Budget allocations reveal whether defence AI has moved beyond policy intent. India's Union Budget for 2026-27 provides the signal. The Ministry of Finance allocated ₹7.85 lakh crore to the Ministry of Defence on 1 February 2026 (Ministry of Finance, 1 February 2026). The allocation includes ₹2.19 lakh crore for capital expenditure and ₹29,100.25 crore for DRDO, with ₹1.85 lakh crore of the capital outlay earmarked for capital acquisition.

AI capability depends on sustained investment rather than one-time procurement. Software development, dataset refinement, model validation, cybersecurity testing and edge computing infrastructure require continuous funding. Capital acquisition funding lets the Services integrate AI into future platforms as core capability rather than as an optional subsystem. The DRDO allocation supports research programmes that mature technologies before they enter procurement pipelines.

Procurement philosophy is shifting alongside the budget. Traditional acquisitions focused on hardware specifications, while AI-enabled systems require software assurance, algorithm verification, cybersecurity evaluation and lifecycle updates. The General Staff Qualitative Requirement (GSQR) process is expected to evolve accordingly. Future specifications will fold in measurable AI performance parameters covering inference accuracy, sensor-fusion capability, latency, explainability and resilience.

The Ministry of Defence is also rolling out the Sampurna digital procurement management system to streamline contract lifecycles and payment tracking across acquisition. The ETAI Framework provides the governance foundation for those future evaluation standards by defining the principles for trustworthy deployment (Press Information Bureau, 17 October 2024). Together, the budget signal and the procurement architecture shape how aerial mapping and other AI-heavy capability categories enter fielded service.

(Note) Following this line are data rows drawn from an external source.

Lemma layer_within lo w s : lo <= s <= lo + w -> layer lo w s = s - lo.
Proof.
by case/andP=> los slow; rewrite /layer max_l ?subr_ge0 // min_l // lerBlDl.
Qed.

Lemma layer_above lo w s : 0 <= w -> lo + w <= s -> layer lo w s = w.
Proof.
move=> w0 slow; have los : lo <= s by apply: le_trans slow; rewrite lerDl.
by rewrite /layer max_l ?subr_ge0 // min_r // lerBrDl.
Qed.

Lemma weighted_sum_le_layers (l1 l2 x1 x2 k1 k2 : R) :
  0 <= x1 <= l1 -> 0 <= x2 <= l2 -> l1 <= l2 ->
  x1 * k1 + x2 * k2 <= Num.max k1 k2 * layer 0 l1 (x1 + x2)
    + k2 * layer l1 (l2 - l1) (x1 + x2) + Num.min k1 k2 * layer l2 l1 (x1 + x2).
Proof.
move=> /andP[x10 x1l] /andP[x20 x2l] l12.
have l1_ge0 : 0 <= l1 by apply: le_trans x1l.
have l21_ge0 : 0 <= l2 - l1 by rewrite subr_ge0.
have [s1|s1] := leP (x1 + x2) l1.
  rewrite layer_within ?subr0; last by apply/andP; split; lra.
  rewrite (layer_below l21_ge0 s1) (layer_below l1_ge0 (le_trans s1 l12)).
  by have [] := leP k1 k2 => k; nra.
rewrite (layer_above l1_ge0); last by lra.
have [s2|s2] := leP (x1 + x2) l2.
  rewrite (layer_below l1_ge0 s2) layer_within; last by apply/andP; split; lra.
  by have [] := leP k1 k2 => k; nra.
have top : l1 + (l2 - l1) <= x1 + x2 by lra.
rewrite (layer_above l21_ge0 top).
rewrite layer_within; last by apply/andP; split; lra.
by have [] := leP k1 k2 => k; nra.
Qed.

Definition grid_count h y (N : nat) : R := \sum_(k < N) (k%:R * h < y)%R%:R.
(* Let $G=(V\cup\{O\},E)$ be a connected, unweighted, undirected graph, where $V$ is a set of $n$ terminals and $O\notin V$ is the depot, and let $k\in[1,n]$ be an integer tour capacity. Let $\mathrm{opt}$ denote the minimum cost of a feasible solution to the graphic CVRP on this instance, and let $\mathrm{rad}=\frac{2}{k}\sum_{v\in V}\mathrm{dist}(v)$. Then \[ \mathrm{opt}\geq \mathrm{rad}+\frac{n}{2}-\frac{n}{2k^2}. \]
   Context: For $v\in V$, $\mathrm{dist}(v)$ is the number of edges on a shortest $v$-to-$O$ path in $G$. A tour is a walk $z_1z_2\dots z_p$ in $G$ with $z_1=z_p=O$ and $(z_i,z_{i+1})\in E$ for all $i\in[1,p-1]$; its cost is $p-1$ (the number of edges traversed, with multiplicity). In the graphic CVRP, each terminal has unit demand; a feasible solution is a set of tours, each starting and ending at $O$, together with an assignment of each terminal to exactly one tour that visits it (the tour ''covers'' its demand), such that each tour covers at most $k$ terminals. The cost of a solution is the total cost of its tours, and the goal is to minimize this cost. *)

From mathcomp Require Import all_boot all_order all_algebra.
Set Implicit Arguments. Unset Strict Implicit. Unset Printing Implicit Defensive.

Section CVRP.
Variables (T : finType) (e : rel T) (O : T).

Definition simple_graph : Prop := symmetric e /\ irreflexive e.

Definition connected_graph : Prop := forall x y : T, connect e x y.

Definition walk_to_depot (v : T) (m : nat) : bool :=
  [exists p : m.-tuple T, path e v p && (last v p == O)].

(* dist v = number of edges on a shortest v-to-O path: the least m with a
   walk of m edges from v to O (in a connected graph this m is < #|T|). *)
Definition dist (v : T) : nat :=
  find (walk_to_depot v) (iota 0 #|T|).

Definition is_tour (t : seq T) : bool :=
  if t is x :: t' then [&& x == O, path e x t' & last x t' == O] else false.

Definition tour_cost (t : seq T) : nat := (size t).-1.

Definition feasible (k : nat) (tours : seq (seq T)) (a : T -> nat) : Prop :=
  [/\ all is_tour tours,
      (forall v, v != O -> a v < size tours /\ v \in nth [::] tours (a v)) &
      (forall i, i < size tours -> #|[set v | (v != O) && (a v == i)]| <= k)].

Definition sol_cost (tours : seq (seq T)) : nat := \sum_(t <- tours) tour_cost t.

End CVRP.

From mathcomp Require Import all_boot all_order all_algebra zify ring.
Set Implicit Arguments. Unset Strict Implicit. Unset Printing Implicit Defensive.
Import Order.TTheory GRing.Theory Num.Theory.

(* A tour of length L meets the terminals it serves at distinct positions p
   with 0 < p < L, and the terminal at position p has dist at most
   min(p, L - p).  At most L - 2m + 1 positions have min(p, L - p) >= m, so
   removing the two worst positions at a time shows that s distinct positions
   satisfy 4 * sum min(p, L - p) + s^2 <= 2 s L + 1.  As s <= k this scales to
   4 k * sum dist + s k^2 <= 2 k^2 L + s for each tour, and summing over the
   tours, whose served terminals partition V, gives
   4 k * sum dist + n k^2 <= 2 k^2 opt + n, i.e. the claim. *)

Definition end_dist (L p : nat) := minn p (L - p).

Lemma size_end_dist_ge L m (Q : seq nat) : uniq Q ->
  (forall q, q \in Q -> q <= L /\ m <= end_dist L q) -> size Q <= (L - 2 * m).+1.
Proof.
move=> uQ Qmid; rewrite -(size_iota m (L - 2 * m).+1) uniq_leq_size // => q.
by case/Qmid; rewrite mem_iota /end_dist; lia.
Qed.

Lemma seq_argmin (f : nat -> nat) (s : seq nat) : s != [::] ->
  exists2 x, x \in s & forall y, y \in s -> f x <= f y.
Proof.
case: s => // x0 s _.
have exP : exists m, has (fun x => f x == m) (x0 :: s).
  by exists (f x0); rewrite /= eqxx.
case: (ex_minnP exP) => m /hasP[x xs /eqP fx] minm.
by exists x => // y ys; rewrite fx minm //; apply/hasP; exists y.
Qed.

Lemma sum_end_dist_le L (P : seq nat) : uniq P -> (forall p, p \in P -> p <= L) ->
  4 * (\sum_(p <- P) end_dist L p) + (size P) ^ 2 <= 2 * size P * L + 1.
Proof.
have [n] := ubnP (size P); elim: n P => // n IHn P ltPn uP lePL.
have [small | big] := ltnP (size P) 2.
  case: P => [|p [|]] // in ltPn uP small lePL *; first by rewrite big_nil.
  by rewrite big_seq1 /end_dist /=; have := lePL p (mem_head _ _); lia.
have Pnil : P != [::] by rewrite -size_eq0 -lt0n ltnW.
have [a aP mina] := seq_argmin (end_dist L) Pnil.
have P1nil : rem a P != [::] by rewrite -size_eq0 size_rem //; case: (size P) big => [|[|]].
have [b bP1 minb] := seq_argmin (end_dist L) P1nil.
have uP1 : uniq (rem a P) := rem_uniq a uP.
have leP1L p : p \in rem a P -> p <= L by move/mem_rem; apply: lePL.
have leP2L p : p \in rem b (rem a P) -> p <= L by move/mem_rem; apply: leP1L.
have sizeP := size_end_dist_ge uP (fun q qP => conj (lePL q qP) (mina q qP)).
have sizeP1 := size_end_dist_ge uP1 (fun q qP => conj (leP1L q qP) (minb q qP)).
have := IHn (rem b (rem a P)) _ (rem_uniq b uP1) leP2L.
rewrite (perm_big _ (perm_to_rem aP)) big_cons (perm_big _ (perm_to_rem bP1)) big_cons.
move: sizeP sizeP1 (lePL a aP) (leP1L b bP1) ltPn; rewrite !size_rem // /end_dist.
(* 2 end_dist a <= L + 1 - |P| and 2 end_dist b <= L + 2 - |P| give, by
   integrality, end_dist a + end_dist b <= L + 1 - |P|. *)
case: (size P) big => [|[|s]] //= _; nia.
Qed.

Lemma capacity_scaling k s F L : s <= k -> s <= L.-1 ->
  4 * F + s ^ 2 <= 2 * s * L + 1 -> 4 * k * F + s * k ^ 2 <= 2 * k ^ 2 * L + s.
Proof.
(* The slack is (k - s) (2 k L - s k - 1), which is nonnegative as s < L. *)
move=> /subnK <-; move: (k - s) => d leSL bound.
have [s0 | s_gt0] := posnP s.
  by move: bound; rewrite s0 muln0 mul0n; lia.
have := leq_mul (leqnn (d + s)) bound.
have : d * (s * d + 1) <= d * (2 * d * L) by case: d => // d; rewrite leq_mul2l; nia.
have : s * d * s <= s * d * (2 * L) by rewrite leq_mul2l; lia.
nia.
Qed.

Lemma last_take (T : Type) (x : T) s i :
  i <= size s -> last x (take i s) = nth x (x :: s) i.
Proof.
elim: s x i => [|y s IHs] x [|i] //= lti.
by rewrite IHs // (set_nth_default x).
Qed.

Lemma last_rev_belast (T : Type) (x : T) p : last (last x p) (rev (belast x p)) = x.
Proof. by case: p => //= y p; rewrite rev_cons last_rcons. Qed.

Section Distance.
Variables (T : finType) (e : rel T) (O : T).
Hypothesis e_sym : symmetric e.

Lemma dist_le_size_walk v p : path e v p -> last v p = O -> dist e O v <= size p.
Proof.
move=> pathp lastp; have walk : walk_to_depot e O v (size p).
  by apply/existsP; exists (in_tuple p); rewrite /= pathp lastp eqxx.
rewrite /dist; have [ltpT | leTp] := ltnP (size p) #|T|; last first.
  by apply: leq_trans (find_size _ _) _; rewrite size_iota.
by rewrite leqNgt; apply/negP => /(before_find 0); rewrite nth_iota // walk.
Qed.

Lemma dist_last_le_size p : path e O p -> dist e O (last O p) <= size p.
Proof.
move=> pathp; rewrite -(size_belast O) -size_rev.
apply: dist_le_size_walk; last exact: last_rev_belast.
by rewrite rev_path (@eq_path _ _ e) // => x y; rewrite /= e_sym.
Qed.

Lemma dist_nth_closed_walk s i : path e O s -> last O s = O -> i <= size s ->
  dist e O (nth O (O :: s) i) <= minn i (size s - i).
Proof.
move=> paths lasts lei; rewrite -(cat_take_drop i s) cat_path in paths.
case/andP: paths => path_take path_drop; rewrite -last_take // leq_min.
apply/andP; split.
  by rewrite -[leqRHS](size_takel lei) dist_last_le_size.
rewrite -size_drop dist_le_size_walk // -last_cat cat_take_drop //.
Qed.

Lemma index_tour_terminal s v : last O s = O -> v != O -> v \in O :: s ->
  0 < index v (O :: s) < size s.
Proof.
move=> lasts vO vs.
have idx_le : index v (O :: s) <= size s by have := index_mem v (O :: s); rewrite vs.
have idx_neq0 : index v (O :: s) != 0 by rewrite /= [O == v]eq_sym (negbTE vO).
have idx_neq_size : index v (O :: s) != size s.
  by apply: contra vO => /eqP idx_eq; rewrite -(nth_index O vs) idx_eq -last_nth lasts.
lia.
Qed.

Lemma tour_dist_bound k t (S : {set T}) : is_tour e O t ->
  (forall v, v \in S -> v != O /\ v \in t) -> #|S| <= k ->
  4 * k * (\sum_(v in S) dist e O v) + #|S| * k ^ 2 <= 2 * k ^ 2 * tour_cost t + #|S|.
Proof.
case: t => // x s /and3P[/eqP-> paths /eqP lasts] St leSk; rewrite /tour_cost /=.
have Sidx v : v \in enum S -> 0 < index v (O :: s) < size s.
  by rewrite mem_enum => /St[vO vs]; apply: index_tour_terminal.
set P := [seq index v (O :: s) | v <- enum S].
have uP : uniq P.
  rewrite map_inj_in_uniq ?enum_uniq // => u v; rewrite !mem_enum.
  by move=> /St[_ us] /St[_ vs] eq_idx; rewrite -(nth_index O us) eq_idx nth_index.
have sizeP : size P = #|S| by rewrite size_map cardE.
have sizeP_le : size P <= (size s).-1.
  rewrite -(size_iota 1 (size s).-1) uniq_leq_size // => _ /mapP[v /Sidx + ->].
  by rewrite mem_iota; lia.
have sum_le : \sum_(v in S) dist e O v <= \sum_(p <- P) end_dist (size s) p.
  rewrite -big_enum big_map !big_seq leq_sum // => v vS.
  have /andP[_ /ltnW le_idx] := Sidx v vS.
  move: vS; rewrite mem_enum => /St[_ vs].
  by rewrite -{1}(nth_index O vs) dist_nth_closed_walk.
have P_le p : p \in P -> p <= size s by case/mapP => v /Sidx + ->; lia.
apply: leq_trans (_ : 4 * k * (\sum_(p <- P) end_dist (size s) p) + #|S| * k ^ 2 <= _).
  by rewrite leq_add2r leq_mul2l sum_le orbT.
by rewrite -sizeP capacity_scaling ?sum_end_dist_le // sizeP.
Qed.

End Distance.

Lemma sum_partition_index (I : finType) (P : pred I) (F : I -> nat) (a : I -> nat) N :
  (forall v, P v -> a v < N) ->
  \sum_(v | P v) F v = \sum_(i < N) \sum_(v in [set v | P v && (a v == i)]) F v.
Proof.
move=> a_lt; under [RHS]eq_bigr do rewrite big_mkcond.
rewrite exchange_big big_mkcond; apply: eq_bigr => v _ /=; rewrite -big_mkcond /=.
have [Pv | nPv] := boolP (P v); last by rewrite big_pred0 // => i; rewrite inE (negbTE nPv).
under eq_bigl do rewrite inE Pv [a v == _]eq_sym.
by rewrite (big_ord1_eq _ (fun=> F v)) a_lt.
Qed.

Lemma sol_cost_lower_bound (T : finType) (e : rel T) (O : T) k tours a :
  symmetric e -> feasible e O k tours a ->
  4 * k * (\sum_(v | v != O) dist e O v) + #|T|.-1 * k ^ 2
    <= 2 * k ^ 2 * sol_cost tours + #|T|.-1.
Proof.
move=> e_sym [/(all_nthP [::]) tours_ok covered capacity].
have a_lt v : v != O -> a v < size tours by case/covered.
have card_terminals : #|T|.-1 = \sum_(i < size tours) #|[set v | (v != O) && (a v == i)]|.
  rewrite -(cardC1 O) -sum1_card (sum_partition_index _ a_lt).
  by under eq_bigr do rewrite sum1_card.
have costE : sol_cost tours = \sum_(i < size tours) tour_cost (nth [::] tours i).
  by rewrite /sol_cost (big_nth [::]) big_mkord.
rewrite card_terminals costE (sum_partition_index _ a_lt) !big_distrr !big_distrl -!big_split.
apply: leq_sum => i _.
apply: (tour_dist_bound e_sym); rewrite ?tours_ok ?capacity // => v.
by rewrite inE => /andP[vO /eqP <-]; split; last case: (covered v vO).
Qed.

Theorem mainTheorem1 (T : finType) (e : rel T) (O : T) (k : nat) :
  simple_graph e -> connected_graph e ->
  (1 <= k <= #|T|.-1)%N ->
  forall (tours : seq (seq T)) (a : T -> nat),
    feasible e O k tours a ->
    ((2%:R / k%:R) * (\sum_(v | v != O) (dist e O v)%:R)
       + (#|T|.-1)%:R / 2%:R - (#|T|.-1)%:R / (2 * k ^ 2)%:R
     <= (sol_cost tours)%:R :> rat)%R.
Proof.
move=> [e_sym _] _ /andP[k_gt0 _] tours a feas.
have := sol_cost_lower_bound e_sym feas; rewrite -natr_sum.
set D := \sum_(v | v != O) _; set n := #|T|.-1; set C := sol_cost tours => bound.
have k_neq0 : (k%:R != 0 :> rat)%R by rewrite pnatr_eq0 -lt0n.
have -> : (2%:R / k%:R * D%:R + n%:R / 2%:R - n%:R / (2 * k ^ 2)%:R
          = ((4 * k * D + n * k ^ 2)%:R - n%:R) / (2 * k ^ 2)%:R :> rat)%R.
  rewrite !natrD !natrM; field.
  by rewrite k_neq0 -!natrM -natrD pnatr_eq0 andbT -lt0n addn_gt0 muln_gt0 k_gt0.
rewrite ler_pdivrMr ?ltr0n ?muln_gt0 ?expn_gt0 ?k_gt0 //.
by rewrite lerBlDr -natrM -natrD ler_nat [C * _]mulnC.
Qed.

Scaling AI capability toward Viksit Bharat

The India AI Impact Summit at Bharat Mandapam from 16 to 20 February 2026 marked an inflection point in India's defence AI journey. Earlier discussion focused on research and experimentation. The summit shifted attention toward operational deployment, governance and national capability development (Press Information Bureau, 16 February 2026).

Defence AI does not develop in isolation. It intersects with semiconductor manufacturing, secure cloud infrastructure, high-performance computing, cyber resilience, communications networks and advanced sensors. Progress in one domain strengthens capability across the entire defence technology ecosystem, and the industry hub map covers the adjacent verticals feeding the same base.

For defence organisations, the next stage is integration. Individual AI applications matter less than their ability to exchange information across platforms, domains and command networks. Computer vision systems must integrate with sensor fusion engines. Mission planning tools must exchange information with logistics platforms.

The ETAI Framework provides the governance model for that transition. As more AI-enabled capabilities enter operational service, evaluation standards will matter as much as algorithms. Reliability, transparency, cybersecurity and human accountability will determine whether the fiscal signal converts into fielded capability and whether the doctrine-institutions-deployment triad delivers on Viksit Bharat.

The defining engineering challenge for the next generation of Indian autonomous defence systems is not building capable AI. It is building AI that can be trusted, integrated and fielded at scale. The next phase of Indian defence modernisation will be defined by how effectively trusted AI is embedded inside General Staff Qualitative Requirements. That embedding will determine whether the ₹2.19 lakh crore capital outlay approved on 1 February 2026 converts into fielded capability rather than announced pilots.